Returns the Genkit indexer reference for `ai.index()`.

Supported indexer options:

- `operation?: 'upsert' | 'delete'`
- `ids?: Array`
- `batchSize?: number`

### `supabaseRetrieverRef(indexName)`

Returns the Genkit retriever reference for `ai.retrieve()`.
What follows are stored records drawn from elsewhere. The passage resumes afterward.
Lemma apow_index : exists m, [/\ (0 < m)%N, K (apow a m) & forall t, K (apow a t) -> (m %| t)%N].
Proof.
have [ambK [K1 [KM KV]]] := sK; have [M M_gt0 aM] := ambient_exponent aa.
pose P m := (0 < m)%N && `[< K (apow a m) >].
have [|m /andP [m_gt0 /asboolP Kam] m_min] := @ex_minnP P.
  by exists M; rewrite /P M_gt0 aM; apply/asboolP.
exists m; split=> // t Kat; rewrite /dvdn; apply: contraT; rewrite -lt0n => tm_gt0.
suff /m_min : P (t %% m)%N by rewrite leqNgt ltn_pmod.
rewrite /P tm_gt0; apply/asboolP.
have -> : apow a (t %% m)%N = amul (apow a t) (ainv (apow (apow a m) (t %/ m)%N)).
  rewrite -apowM {2}(divn_eq t m) mulnC apowD; apply: amb_ext => r j.
  by rewrite /amul /ainv [X in X * _]mulrC mulfK // /apow expf_neq0 ?ambient_neq0.
by apply: KM => //; apply: KV; apply: subgroup_apow.
Qed.

Variables (psi : amb J -> CC) (m : nat) (w : CC).
Hypotheses (cpsi : character K psi) (m_gt0 : (0 < m)%N) (Kam : K (apow a m))
  (m_dvd : forall t, K (apow a t) -> (m %| t)%N) (wm : w ^+ m = psi (apow a m)).

Lemma norm_root_character : `|w| = 1.
Proof. by apply/eqP; rewrite -(pexpr_eq1 m_gt0) // -normrX wm cpsi.1. Qed.

Lemma character_apow_root t : K (apow a t) -> psi (apow a t) = w ^+ t.
Proof.
move=> /m_dvd /divnK <-; rewrite mulnC apowM (characterX _ sK cpsi Kam).
by rewrite -wm exprM.
Qed.

Lemma adjoin_char_wd k k' t t' : K k -> K k' ->
  amul k (apow a t) = amul k' (apow a t') -> psi k * w ^+ t = psi k' * w ^+ t'.
Proof.
have [ambK [_ [KM KV]]] := sK.
wlog le_t't : k k' t t' / (t' <= t)%N.
  move=> hyp Kk Kk' E; have [le|/ltnW le] := leqP t' t; first exact: hyp.
  by symmetry; apply: hyp.
move=> Kk Kk' E; have defk' : k' = amul k (apow a (t - t')).
  apply: amb_ext => r j; move/(congr1 (fun h => h r j)): E.
  rewrite /amul /apow -{1}(subnK le_t't) exprD mulrA => E.
  have at'_neq0 : a r j ^+ t' != 0 by rewrite expf_neq0 ?ambient_neq0.
  by rewrite (mulIf at'_neq0 E).
have Kat : K (apow a (t - t')).
  suff -> : apow a (t - t') = amul (ainv k) k' by apply: KM => //; apply: KV.
  rewrite defk'; apply: amb_ext => r j.
  by rewrite /amul /ainv mulrA mulVf ?mul1r // ambient_neq0 //; apply: ambK.
by rewrite defk' (characterM cpsi) // character_apow_root // -mulrA -exprD subnK.
Qed.

Definition adjoin_char (g : amb J) : CC := epsilon (inhabits 0)
  (fun v => exists k t, [/\ K k, g = amul k (apow a t) & v = psi k * w ^+ t]).

Lemma adjoin_charE k t : K k -> adjoin_char (amul k (apow a t)) = psi k * w ^+ t.
Proof.
move=> Kk; rewrite /adjoin_char; set P := fun v => _.
have [|k' [t' [Kk' E ->]]] := epsilon_spec (inhabits 0) P; first by exists (psi k * w ^+ t), k, t.
exact: adjoin_char_wd.
Qed.
Lemma mixed_partials_eq (h : R -> R -> R) (u0 v0 : R) (D1 D2 D12 D21 : R -> R -> R) :
  locally_2d (fun u v =>
    derivable_pt_lim (fun z => h z v) u (D1 u v) /\
    derivable_pt_lim (fun z => h u z) v (D2 u v) /\
    derivable_pt_lim (fun z => D2 z v) u (D21 u v) /\
    derivable_pt_lim (fun z => D1 u z) v (D12 u v)) u0 v0 ->
  continuity_2d_pt D21 u0 v0 -> continuity_2d_pt D12 u0 v0 ->
  D21 u0 v0 = D12 u0 v0.
Proof.
  intros H C21 C12.
  assert (E21 : locally_2d (fun u v =>
      is_derive (fun z => Derive (fun s => h z s) v) u (D21 u v)) u0 v0).
  { eapply locally_2d_impl_strong; [apply locally_2d_forall | exact H].
    intros u v Huv. apply is_derive_ext_loc with (f := fun z => D2 z v).
    - eapply filter_imp; [|exact (locally_2d_1d_const_y _ u v Huv)].
      intros z Hz. symmetry. apply is_derive_unique, is_derive_Reals, Hz.
    - apply is_derive_Reals, (locally_2d_singleton _ _ _ Huv). }
  assert (E12 : locally_2d (fun u v =>
      is_derive (fun z => Derive (fun s => h s z) u) v (D12 u v)) u0 v0).
  { eapply locally_2d_impl_strong; [apply locally_2d_forall | exact H].
    intros u v Huv. apply is_derive_ext_loc with (f := fun z => D1 u z).
    - eapply filter_imp; [|exact (locally_2d_1d_const_x _ u v Huv)].
      intros z Hz. symmetry. apply is_derive_unique, is_derive_Reals, Hz.
    - apply is_derive_Reals, (locally_2d_singleton _ _ _ Huv). }
  rewrite <- (is_derive_unique _ _ _ (locally_2d_singleton _ _ _ E21)).
  rewrite <- (is_derive_unique _ _ _ (locally_2d_singleton _ _ _ E12)).
  apply Schwarz.
  - eapply locally_2d_impl; [|exact (locally_2d_and _ _ _ _ H (locally_2d_and _ _ _ _ E21 E12))].
    apply locally_2d_forall. intros u v [Huv [A B]].
    repeat split; eexists; eauto; apply is_derive_Reals, Huv.
  - apply (continuity_2d_pt_ext_loc D21); [|exact C21].
    eapply locally_2d_impl; [apply locally_2d_forall | exact E21].
    intros u v A. symmetry. exact (is_derive_unique _ _ _ A).
  - apply (continuity_2d_pt_ext_loc D12); [|exact C12].
    eapply locally_2d_impl; [apply locally_2d_forall | exact E12].
    intros u v A. symmetry. exact (is_derive_unique _ _ _ A).
Qed.

Lemma cont3_slice_xt f x y t : cont3 f -> 0 < t -> continuity_2d_pt (fun a b => f a y b) x t.
Proof.
  intros H ht eps. destruct (H x y t ht eps (cond_pos eps)) as [d [hd hf]].
  exists (mkposreal d hd). intros u v hu hv. apply hf; auto. now rewrite Rminus_diag, Rabs_R0.
Qed.

Lemma cont3_slice_yt f x y t : cont3 f -> 0 < t -> continuity_2d_pt (fun a b => f x a b) y t.
Proof.
  intros H ht eps. destruct (H x y t ht eps (cond_pos eps)) as [d [hd hf]].
  exists (mkposreal d hd). intros u v hu hv. apply hf; auto. now rewrite Rminus_diag, Rabs_R0.
Qed.

Lemma cont3_slice_xy f x y t : cont3 f -> 0 < t -> continuity_2d_pt (fun a b => f a b t) x y.
Proof.
  intros H ht eps. destruct (H x y t ht eps (cond_pos eps)) as [d [hd hf]].
  exists (mkposreal d hd). intros u v hu hv. apply hf; auto. now rewrite Rminus_diag, Rabs_R0.
Qed.

Lemma locally_2d_pos_time (P : R -> R -> Prop) x t : 0 < t ->
  (forall u v, 0 < v -> P u v) -> locally_2d P x t.
Proof.
  intros ht H. exists (mkposreal t ht). intros u v _ hv; simpl in hv.
  apply Rabs_def2 in hv. apply H; lra.
Qed.

Lemma dx_dt_comm f x y t : Ck 2 f -> 0 < t -> dx (dt f) x y t = dt (dx f) x y t.
Proof.
  intros H ht. assert (H1 : Ck 1 f) by (eapply Ck_le; [|exact H]; lia).
  apply (mixed_partials_eq (fun a b => f a y b) x t (fun a b => dx f a y b) (fun a b => dt f a y b)
    (fun a b => dt (dx f) a y b) (fun a b => dx (dt f) a y b)).
  - apply locally_2d_pos_time; auto. intros u v hv.
    repeat split; apply Ck1_dx_lim || apply Ck1_dt_lim; auto; now apply Ck_dx || apply Ck_dt.
  - apply cont3_slice_xt; auto. apply (Ck_cont3 0), Ck_dx, Ck_dt, H.
  - apply cont3_slice_xt; auto. apply (Ck_cont3 0), Ck_dt, Ck_dx, H.
Qed.

Lemma dy_dt_comm f x y t : Ck 2 f -> 0 < t -> dy (dt f) x y t = dt (dy f) x y t.
Proof.
  intros H ht. assert (H1 : Ck 1 f) by (eapply Ck_le; [|exact H]; lia).
  apply (mixed_partials_eq (fun a b => f x a b) y t (fun a b => dy f x a b) (fun a b => dt f x a b)
    (fun a b => dt (dy f) x a b) (fun a b => dy (dt f) x a b)).
  - apply locally_2d_pos_time; auto. intros u v hv.
    repeat split; apply Ck1_dy_lim || apply Ck1_dt_lim; auto; now apply Ck_dy || apply Ck_dt.
  - apply cont3_slice_yt; auto. apply (Ck_cont3 0), Ck_dy, Ck_dt, H.
  - apply cont3_slice_yt; auto. apply (Ck_cont3 0), Ck_dt, Ck_dy, H.
Qed.

Lemma dx_dy_comm f x y t : Ck 2 f -> 0 < t -> dx (dy f) x y t = dy (dx f) x y t.
Proof.
  intros H ht. assert (H1 : Ck 1 f) by (eapply Ck_le; [|exact H]; lia).
  apply (mixed_partials_eq (fun a b => f a b t) x y (fun a b => dx f a b t) (fun a b => dy f a b t)
    (fun a b => dy (dx f) a b t) (fun a b => dx (dy f) a b t)).
  - apply locally_2d_forall. intros u v.
    repeat split; apply Ck1_dx_lim || apply Ck1_dy_lim; auto; now apply Ck_dx || apply Ck_dy.
  - apply cont3_slice_xy; auto. apply (Ck_cont3 0), Ck_dx, Ck_dy, H.
  - apply cont3_slice_xy; auto. apply (Ck_cont3 0), Ck_dy, Ck_dx, H.
Qed.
Supported retriever options:

- `k?: number`
- `filter?: Record`

## Production Notes

- Use a service role key on trusted servers only. Do not expose it in browser bundles.
- Keep retrieval and indexing on the server side, especially when your table or RPC requires elevated database permissions.
- Make sure the RPC function lives in an exposed schema and that Row Level Security policies allow the operations you need.
- Keep your `embeddingDimension` aligned with the actual vector column dimension to catch mistakes before they hit Postgres.

## Repository Contents

- source: [`src/index.ts`](./src/index.ts)
- SQL: [`sql/001_create_rag_documents.sql`](./sql/001_create_rag_documents.sql), [`sql/002_match_rag_documents.sql`](./sql/002_match_rag_documents.sql)
- tests: [`test/config.test.ts`](./test/config.test.ts), [`test/mapping.test.ts`](./test/mapping.test.ts), [`test/filter.test.ts`](./test/filter.test.ts), [`test/store.test.ts`](./test/store.test.ts)

## License
See [`LICENSE`](./LICENSE) for the full terms.